Check your YAML files
YAML Syntax
Double-check your work before saving -- if this file can't be parsed as valid yaml, all puppet runs will fail. A python one line syntax checker is:
python -c "import yaml; f=open('secrets.eyaml','r'); yaml.load(f)" && echo "pass" || echo "FAIL"
When in doubt, run `eyaml --help` or `eyaml encrpyt --help`.
Secret values
To check the value of a secret, use 'hiera':
hiera root_pw_saltedsha512
To check the value of a secret in `/etc/hiera/environments/<username>_secrets.eyaml`, use:
hiera root_pw_saltedsha512 environment='<username>'
Help! secret() does not interpret my secret
Sometimes, secret() (or function_secret()) may return the raw value, instead of the decrypted one. This is very likely because of a bad copy and paste.
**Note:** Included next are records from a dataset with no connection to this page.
(* Let $\xi$ be a random vector with support $\Xi\subset\mathbb{R}^l$ and distribution $P$, let $A\in\mathbb{R}^{n\times n}$, and let $B:\mathbb{R}^l\to\mathbb{R}^{n\times m}$, $M:\mathbb{R}^l\to\mathbb{R}^{m\times m}$, $N:\mathbb{R}^l\to\mathbb{R}^{m\times n}$ be continuous. Suppose there is a positive continuous function $\kappa$ with $\mathbb{E}[\kappa(\xi)]<+\infty$ such that for almost every $\xi$, $$\begin{pmatrix} z^T & u^T\end{pmatrix}\begin{pmatrix} A & B(\xi)\\ N(\xi) & M(\xi)\end{pmatrix}\begin{pmatrix} z\\ u\end{pmatrix}\ \ge\ \kappa(\xi)\big(\|z\|^2+\|u\|^2\big)\quad\forall z\in\mathbb{R}^n,\ u\in\mathbb{R}^m. \qquad(\ast)$$ Then the following hold, where in (ii) and (iii) $\xi$ is any point at which $(\ast)$ holds and $J$ is any subset of $\{1,\dots,m\}$: (i) $z^TAz\ge \sup_{\xi\in\Xi}\kappa(\xi)\|z\|^2$ for all $z\in\mathbb{R}^n$, and $u_J^TM_J(\xi)u_J\ge\kappa(\xi)\|u_J\|^2$ for all $u_J\in\mathbb{R}^{|J|}$ and all $J$; (ii) $A-B(\xi)U_J(M(\xi))N(\xi)$ is well defined and $z^T\big(A-B(\xi)U_J(M(\xi))N(\xi)\big)z\ge\kappa(\xi)\|z\|^2$ for all $z\in\mathbb{R}^n$; (iii) $\|M_J(\xi)^{-1}\|\le 1/\kappa(\xi)$ and $\|(A-B(\xi)U_J(M(\xi))N(\xi))^{-1}\|\le 1/\kappa(\xi)$.
   Context: $\|\cdot\|$ denotes the Euclidean norm on vectors and the induced 2-norm on matrices. For $J\subseteq\{1,\dots,m\}$, $D_J$ is the $m\times m$ diagonal matrix with $(D_J)_{jj}=1$ if $j\in J$ and $0$ otherwise; for an $m\times m$ matrix $M$ with $z^TMz>0$ for all $z\neq 0$ (not necessarily symmetric), $U_J(M):=(I-D_J(I-M))^{-1}D_J$. Equivalently, after permuting indices so that $J=\{1,\dots,|J|\}$, $U_J(M)=0$ if $J=\emptyset$ and $U_J(M)=\begin{pmatrix} M_J^{-1}&0\\0&0\end{pmatrix}$ otherwise, where $M_J$ is the $|J|\times|J|$ principal submatrix of $M$ indexed by $J$. *)

From HB Require Import structures.
From mathcomp Require Import all_boot all_order all_algebra.
From mathcomp Require Import all_classical all_reals all_analysis.
Set Implicit Arguments. Unset Strict Implicit. Unset Printing Implicit Defensive.
Import Order.TTheory GRing.Theory Num.Theory.
Import numFieldNormedType.Exports.
Local Open Scope classical_set_scope.
Local Open Scope ring_scope.

Definition borel_rV (R : realType) (l : nat) :=
  g_sigma_algebraType (@open 'rV[R]_l).

Definition msupport (R : realType) (l : nat)
    (P : set (borel_rV R l) -> \bar R) : set 'rV[R]_l :=
  [set x | forall U : set 'rV[R]_l, open U -> U x -> (0 < P U)%E].

Definition sqnorm (R : realType) (k : nat) (z : 'cV[R]_k) : R :=
  \sum_i z i 0 ^+ 2.

Definition enorm (R : realType) (k : nat) (z : 'cV[R]_k) : R :=
  Num.sqrt (sqnorm z).

Definition qform (R : realType) (k : nat) (A : 'M[R]_k) (z : 'cV[R]_k) : R :=
  (z^T *m A *m z) 0 0.

Definition opnorm2 (R : realType) (p q : nat) (A : 'M[R]_(p, q)) : R :=
  sup [set enorm (A *m x) | x in [set x : 'cV[R]_q | enorm x <= 1]].

Definition DJ (R : realType) (m : nat) (J : {set 'I_m}) : 'M[R]_m :=
  \matrix_(i, j) ((i == j) && (i \in J))%:R.

Definition UJpre (R : realType) (m : nat) (J : {set 'I_m}) (M : 'M[R]_m) : 'M[R]_m :=
  1%:M - DJ R J *m (1%:M - M).

Definition UJ (R : realType) (m : nat) (J : {set 'I_m}) (M : 'M[R]_m) : 'M[R]_m :=
  invmx (UJpre J M) *m DJ R J.

(* principal submatrix M_J, indexed by J enumerated in increasing order *)
Definition subJ (R : realType) (m : nat) (J : {set 'I_m}) (M : 'M[R]_m)
  : 'M[R]_#|J| :=
  \matrix_(i, j) M (enum_val i) (enum_val j).

Definition cond_star (R : realType) (l n m : nat) (A : 'M[R]_n)
    (B : 'rV[R]_l -> 'M[R]_(n, m)) (M : 'rV[R]_l -> 'M[R]_m)
    (N : 'rV[R]_l -> 'M[R]_(m, n)) (kappa : 'rV[R]_l -> R) (xi : 'rV[R]_l) : Prop :=
  forall (z : 'cV[R]_n) (u : 'cV[R]_m),
    kappa xi * (sqnorm z + sqnorm u)
      <= qform (block_mx A (B xi) (N xi) (M xi)) (col_mx z u).

From HB Require Import structures.
From mathcomp Require Import all_boot all_order all_algebra.
From mathcomp Require Import all_classical all_reals all_analysis.
From mathcomp Require Import ring lra.
Import Order.TTheory GRing.Theory Num.Theory.
Import numFieldNormedType.Exports.
Local Open Scope classical_set_scope.
Local Open Scope ring_scope.

(* Call C c-coercive when z^T C z >= c |z|^2.  Condition (star) says that the
   block matrix K(xi) is kappa(xi)-coercive.  Coercivity passes to principal
   submatrices E^T C E (E a selection of columns of the identity, E^T E = 1),
   which gives it for A, M(xi) and M_J(xi).  A c-coercive C satisfies
   c |v| <= |C v|, so it is invertible with |C^-1| <= 1/c.
   For the complement, v := U_J(M) N z satisfies (M v)_i = (N z)_i for i in J
   and v_i = 0 otherwise, so v^T M v = v^T N z (with N z replaced by 0 this also
   shows that I - D_J (I - M) is injective).  Hence the cross terms of the block
   form at (z, -v) cancel and z^T (A - B U_J(M) N) z, being that form, is at
   least c (|z|^2 + |v|^2).  Finally, the bound on A holds on a set of full
   measure, hence, kappa being continuous, on its closure, which contains the
   support of P. *)

Set Implicit Arguments.
Unset Strict Implicit.

Section Selection.
Variable F : pzSemiRingType.

Lemma mxsub_colsub1 k p (f : 'I_p -> 'I_k) (C : 'M[F]_k) :
  mxsub f f C = (colsub f 1%:M)^T *m C *m colsub f 1%:M.
Proof. by rewrite trmx_mxsub trmx1 mul_rowsub_mx mul1mx -mxsub_mul mulmx1. Qed.

Lemma colsub1_isometry k p (f : 'I_p -> 'I_k) :
  injective f -> (colsub f 1%:M)^T *m colsub f 1%:M = 1%:M :> 'M[F]_p.
Proof.
move=> f_inj; rewrite trmx_mxsub trmx1 -mxsub_mul mulmx1.
by apply/matrixP => a b; rewrite !mxE (inj_eq f_inj).
Qed.

End Selection.

Lemma ker0_unitmx (F : fieldType) k (C : 'M[F]_k) :
  (forall v : 'cV[F]_k, C *m v = 0 -> v = 0) -> C \in unitmx.
Proof.
move=> kerC; rewrite -unitmx_tr unitmxE unitfE; apply/negP => /det0P[w w_neq0].
move=> /(congr1 trmx); rewrite trmx_mul trmxK trmx0 => /kerC/eqP.
by rewrite trmx_eq0 (negbTE w_neq0).
Qed.

Section Coercive.
Variable R : realType.

Lemma sqnormE k (v : 'cV[R]_k) : sqnorm v = (v^T *m v) 0 0.
Proof. by rewrite /sqnorm mxE; apply: eq_bigr => i _; rewrite mxE expr2. Qed.

Lemma sqnorm_ge0 k (v : 'cV[R]_k) : 0 <= sqnorm v.
Proof. by apply: sumr_ge0 => i _; apply: sqr_ge0. Qed.

Lemma sqnorm0 k : sqnorm (0 : 'cV[R]_k) = 0.
Proof. by rewrite /sqnorm big1 // => i _; rewrite mxE expr0n. Qed.

Lemma sqnorm_eq0 k (v : 'cV[R]_k) : sqnorm v = 0 -> v = 0.
Proof.
move=> v0; apply/matrixP => i j; rewrite (ord1 j) mxE.
have /eqP := psumr_eq0P (fun i _ => sqr_ge0 (v i 0)) v0 (i := i) isT.
by rewrite sqrf_eq0 => /eqP.
Qed.

Lemma sqnorm_col_mx k p (z : 'cV[R]_k) (u : 'cV[R]_p) :
  sqnorm (col_mx z u) = sqnorm z + sqnorm u.
Proof. by rewrite !sqnormE tr_col_mx mul_row_col mxE. Qed.

Lemma qformE k (C : 'M[R]_k) v : qform C v = \sum_i v i 0 * (C *m v) i 0.
Proof. by rewrite /qform -mulmxA mxE; apply: eq_bigr => i _; rewrite mxE. Qed.

Lemma qformN k (C : 'M[R]_k) v : qform C (- v) = qform C v.
Proof. by rewrite /qform [(- v)^T]linearN /= mulmxN !mulNmx opprK. Qed.

Lemma qform_block_mx k p (A : 'M[R]_k) B N (M : 'M[R]_p) z u :
  qform (block_mx A B N M) (col_mx z u) =
  qform A z + (z^T *m B *m u) 0 0 + (u^T *m N *m z) 0 0 + qform M u.
Proof.
rewrite /qform tr_col_mx mul_row_block mul_row_col !mulmxDl !mxE.
by rewrite addrACA !addrA.
Qed.

Lemma qform_compress k p (E : 'M[R]_(k, p)) C v :
  qform (E^T *m C *m E) v = qform C (E *m v).
Proof. by rewrite /qform trmx_mul !mulmxA. Qed.

Definition coercive k (C : 'M[R]_k) (c : R) := forall v, c * sqnorm v <= qform C v.

Lemma coercive_compress k p (E : 'M[R]_(k, p)) C c :
  E^T *m E = 1%:M -> coercive C c -> coercive (E^T *m C *m E) c.
Proof.
move=> isoE coerC v; rewrite qform_compress.
have -> : sqnorm v = sqnorm (E *m v).
  by rewrite !sqnormE trmx_mul -mulmxA (mulmxA E^T) isoE mul1mx.
exact: coerC.
Qed.

Lemma coercive_mxsub k p (f : 'I_p -> 'I_k) C c :
  injective f -> coercive C c -> coercive (mxsub f f C) c.
Proof. by move=> f_inj; rewrite mxsub_colsub1; apply/coercive_compress/colsub1_isometry. Qed.

Lemma coercive_ulblock k p (A : 'M[R]_k) B N (M : 'M[R]_p) c :
  coercive (block_mx A B N M) c -> coercive A c.
Proof.
move=> /(coercive_mxsub (@lshift_inj k p)).
by rewrite mxsubcr -usubmxEsub -lsubmxEsub -/(ulsubmx _) block_mxKul.
Qed.

Lemma coercive_drblock k p (A : 'M[R]_k) B N (M : 'M[R]_p) c :
  coercive (block_mx A B N M) c -> coercive M c.
Proof.
move=> /(coercive_mxsub (@rshift_inj k p)).
by rewrite mxsubcr -dsubmxEsub -rsubmxEsub -/(drsubmx _) block_mxKdr.
Qed.

Lemma coercive_qform_eq0 k (C : 'M[R]_k) c v :
  0 < c -> coercive C c -> qform C v = 0 -> v = 0.
Proof.
move=> c_gt0 coerC qv0; apply: sqnorm_eq0; apply/eqP.
by rewrite eq_le sqnorm_ge0 andbT -(pmulr_rle0 _ c_gt0) -qv0 coerC.
Qed.

Lemma coercive_unitmx k (C : 'M[R]_k) c : 0 < c -> coercive C c -> C \in unitmx.
Proof.
move=> c_gt0 coerC; apply: ker0_unitmx => v Cv0.
by apply: (coercive_qform_eq0 c_gt0 coerC); rewrite /qform -mulmxA Cv0 mulmx0 mxE.
Qed.

Lemma coercive_sqnorm_mul k (C : 'M[R]_k) c v :
  0 < c -> coercive C c -> c ^+ 2 * sqnorm v <= sqnorm (C *m v).
Proof.
move=> c_gt0 coerC; have := coerC v; rewrite qformE; set w := C *m v => cv.
(* [0 <= |c v - w|^2 = c^2|v|^2 - 2c v.w + |w|^2] with [c|v|^2 <= v.w] *)
have : 0 <= \sum_i (c * v i 0 - w i 0) ^+ 2 by apply: sumr_ge0 => i _; apply: sqr_ge0.
have -> : \sum_i (c * v i 0 - w i 0) ^+ 2 =
    c ^+ 2 * sqnorm v - 2 * c * \sum_i v i 0 * w i 0 + sqnorm w.
  rewrite /sqnorm !mulr_sumr -!sumrB -big_split /=; apply: eq_bigr => i _; ring.
nra.
Qed.

Lemma coercive_opnorm2_invmx k (C : 'M[R]_k) c :
  0 < c -> coercive C c -> opnorm2 (invmx C) <= c^-1.
Proof.
move=> c_gt0 coerC; apply: ge_sup.
  by exists 0, 0; rewrite /= /enorm ?mulmx0 sqnorm0 sqrtr0 ?ler01.
move=> _ [x /= x_le1 <-]; set y := invmx C *m x.
have Cy : C *m y = x by rewrite /y mulKVmx // (coercive_unitmx c_gt0 coerC).
have := coercive_sqnorm_mul y c_gt0 coerC; rewrite Cy => cy.
have x_sq_le1 : sqnorm x <= 1.
  by move: x_le1; rewrite /enorm -{1}sqrtr1 ler_sqrt ?ler01.
have c_inv_ge0 : 0 <= c^-1 by rewrite invr_ge0 ltW.
rewrite /enorm -(ger0_norm c_inv_ge0) -sqrtr_sqr ler_sqrt ?sqr_ge0 //.
by rewrite exprVn -div1r ler_pdivlMr ?exprn_gt0 // mulrC (le_trans cy).
Qed.

Lemma subJE m (J : {set 'I_m}) (M : 'M[R]_m) : subJ J M = mxsub enum_val enum_val M.
Proof. by apply/matrixP => a b; rewrite !mxE. Qed.

Lemma coercive_subJ m (J : {set 'I_m}) (M : 'M[R]_m) c :
  coercive M c -> coercive (subJ J M) c.
Proof. by rewrite subJE; apply: coercive_mxsub enum_val_inj. Qed.

Lemma DJ_mul m (J : {set 'I_m}) (w : 'cV[R]_m) i :
  (DJ R J *m w) i 0 = if i \in J then w i 0 else 0.
Proof.
have -> : DJ R J = diag_mx (\row_i (i \in J)%:R).
  by apply/matrixP => a b; rewrite !mxE andbC; case: (a \in J); case: (a == b).
by rewrite mul_diag_mx !mxE; case: (i \in J); rewrite ?mul1r ?mul0r.
Qed.

Lemma UJpre_mul m (J : {set 'I_m}) (M : 'M[R]_m) (v : 'cV[R]_m) i :
  (UJpre J M *m v) i 0 = if i \in J then (M *m v) i 0 else v i 0.
Proof.
rewrite /UJpre mulmxBl mul1mx -mulmxA mulmxBl mul1mx mxE [in X in _ + X]mxE DJ_mul.
by case: ifP => _; rewrite ?mxE; [rewrite opprB addrC subrK | rewrite oppr0 addr0].
Qed.

Lemma qform_UJpre m (J : {set 'I_m}) (M : 'M[R]_m) v w :
  UJpre J M *m v = DJ R J *m w -> qform M v = (v^T *m w) 0 0.
Proof.
move/matrixP=> Pv; rewrite qformE [RHS]mxE; apply: eq_bigr => i _; rewrite [v^T _ _]mxE.
have := Pv i 0; rewrite UJpre_mul DJ_mul.
by case: ifP => _ ->; rewrite ?mul0r.
Qed.

Lemma UJpre_unitmx m (J : {set 'I_m}) (M : 'M[R]_m) c :
  0 < c -> coercive M c -> UJpre J M \in unitmx.
Proof.
move=> c_gt0 coerM; apply: ker0_unitmx => v Pv.
apply: (coercive_qform_eq0 c_gt0 coerM).
by rewrite (@qform_UJpre _ J _ _ 0) ?mulmx0 ?mxE // Pv mulmx0.
Qed.

Lemma coercive_schur k p (A : 'M[R]_k) B N (M : 'M[R]_p) (J : {set 'I_p}) c :
  0 < c -> coercive (block_mx A B N M) c -> coercive (A - B *m UJ J M *m N) c.
Proof.
move=> c_gt0 coerK z; set v := UJ J M *m (N *m z).
have Pv : UJpre J M *m v = DJ R J *m (N *m z).
  by rewrite /v /UJ -mulmxA mulKVmx // (UJpre_unitmx J c_gt0 (coercive_drblock coerK)).
have -> : qform (A - B *m UJ J M *m N) z = qform (block_mx A B N M) (col_mx z (- v)).
  rewrite qform_block_mx qformN (qform_UJpre Pv) [(- v)^T]linearN /= mulmxN !mulNmx.
  rewrite /qform /v mulmxBr mulmxBl !mulmxA [LHS]mxE -addrA.
  set w := (UJ J M *m N *m z)^T *m N *m z.
  by rewrite [(- w) 0 0]mxE addNr addr0.
have := coerK (col_mx z (- v)); rewrite sqnorm_col_mx.
have := sqnorm_ge0 (- v); nra.
Qed.

Lemma cond_star_coercive l n m (A : 'M[R]_n) B (M : 'rV[R]_l -> 'M[R]_m) N kappa x :
  cond_star A B M N kappa x -> coercive (block_mx A (B x) (N x) (M x)) (kappa x).
Proof. by move=> star v; rewrite -(vsubmxK v) sqnorm_col_mx; apply: star. Qed.

End Coercive.

Section Support.
Variables (R : realType) (l : nat) (mu : {measure set (borel_rV R l) -> \bar R}).

Lemma msupport_sub_closure (G : set 'rV[R]_l) :
  {ae mu, forall x, G x} -> msupport mu `<=` closure G.
Proof.
move=> [Nb [mNb muNb0 notG_Nb]] x x_supp B; rewrite nbhsE => -[U [oU Ux] UB].
apply: contrapT => noGB.
have UNb : U `<=` Nb.
  by move=> t Ut; apply: notG_Nb => Gt; apply: noGB; exists t; split => //; apply: UB.
have : (mu U <= mu Nb)%E.
  by apply: le_measure => //; rewrite inE //; apply: sub_sigma_algebra.
by rewrite muNb0 leNgt x_supp.
Qed.

Lemma msupport_le (G : set 'rV[R]_l) (f : 'rV[R]_l -> R) (a : R) :
  continuous f -> {ae mu, forall x, G x} -> (forall x, G x -> f x <= a) ->
  forall x, msupport mu x -> f x <= a.
Proof.
move=> /continuous_closedP/(_ _ (@closed_le _ a)) /closure_id closed_f aeG G_le x.
by move=> /(msupport_sub_closure aeG) /(closureS G_le); rewrite -closed_f.
Qed.

End Support.

Unset Implicit Arguments.

Theorem lemma2p1 (R : realType) (l n m : nat)
  (P : probability (borel_rV R l) R)
  (A : 'M[R]_n)
  (B : 'rV[R]_l -> 'M[R]_(n, m)) (M : 'rV[R]_l -> 'M[R]_m)
  (N : 'rV[R]_l -> 'M[R]_(m, n)) (kappa : 'rV[R]_l -> R) :
  continuous B -> continuous M -> continuous N ->
  continuous kappa -> (forall x, 0 < kappa x) ->
  (\int[P]_x (kappa x)%:E < +oo)%E ->
  {ae P, forall x : borel_rV R l, cond_star A B M N kappa x} ->
  (* (i) *)
  (forall z : 'cV[R]_n, forall x, msupport P x ->
      kappa x * sqnorm z <= qform A z) /\
  (forall x, cond_star A B M N kappa x ->
     forall (J : {set 'I_m}) (uJ : 'cV[R]_#|J|),
       kappa x * sqnorm uJ <= qform (subJ J (M x)) uJ) /\
  (* (ii) *)
  (forall x, cond_star A B M N kappa x -> forall J : {set 'I_m},
     UJpre J (M x) \in unitmx /\
     forall z : 'cV[R]_n,
       kappa x * sqnorm z <= qform (A - B x *m UJ J (M x) *m N x) z) /\
  (* (iii) *)
  (forall x, cond_star A B M N kappa x -> forall J : {set 'I_m},
     subJ J (M x) \in unitmx /\
     opnorm2 (invmx (subJ J (M x))) <= (kappa x)^-1 /\
     (A - B x *m UJ J (M x) *m N x) \in unitmx /\
     opnorm2 (invmx (A - B x *m UJ J (M x) *m N x)) <= (kappa x)^-1).
Proof.
move=> _ _ _ kappa_cont kappa_gt0 _ ae_star.
have coerA x : cond_star A B M N kappa x -> coercive A (kappa x).
  by move/cond_star_coercive/coercive_ulblock.
have coerM x : cond_star A B M N kappa x -> coercive (M x) (kappa x).
  by move/cond_star_coercive/coercive_drblock.
have coerS x J : cond_star A B M N kappa x ->
    coercive (A - B x *m UJ J (M x) *m N x) (kappa x).
  by move/cond_star_coercive/(coercive_schur J (kappa_gt0 x)).
split; [|split; [|split]].
- move=> z; apply: (msupport_le (f := fun y => kappa y * sqnorm z) _ ae_star).
    by move=> y; exact: (cvgM (kappa_cont y) (cvg_cst _)).
  by move=> y /coerA.
- by move=> x /coerM + J; apply: coercive_subJ.
- move=> x star J; split; last exact: coerS.
  exact: UJpre_unitmx (kappa_gt0 x) (coerM x star).
- move=> x star J; have coerMJ := coercive_subJ (J := J) (coerM x star).
  have coerSJ := coerS x J star.
  split; first exact: coercive_unitmx (kappa_gt0 x) coerMJ.
  split; first exact: coercive_opnorm2_invmx (kappa_gt0 x) coerMJ.
  split; first exact: coercive_unitmx (kappa_gt0 x) coerSJ.
  exact: coercive_opnorm2_invmx (kappa_gt0 x) coerSJ.
Qed.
In order to verify this, run the hiera command detailed in the section above. If the non-decrypted value is still returned, paste the encrypted value again. Some characters (like the closing ]) may be missing.
User Environments
User environments use the same set of secrets as the production environment, so unless you are adding or modifying secrets, there's no need to mess with them.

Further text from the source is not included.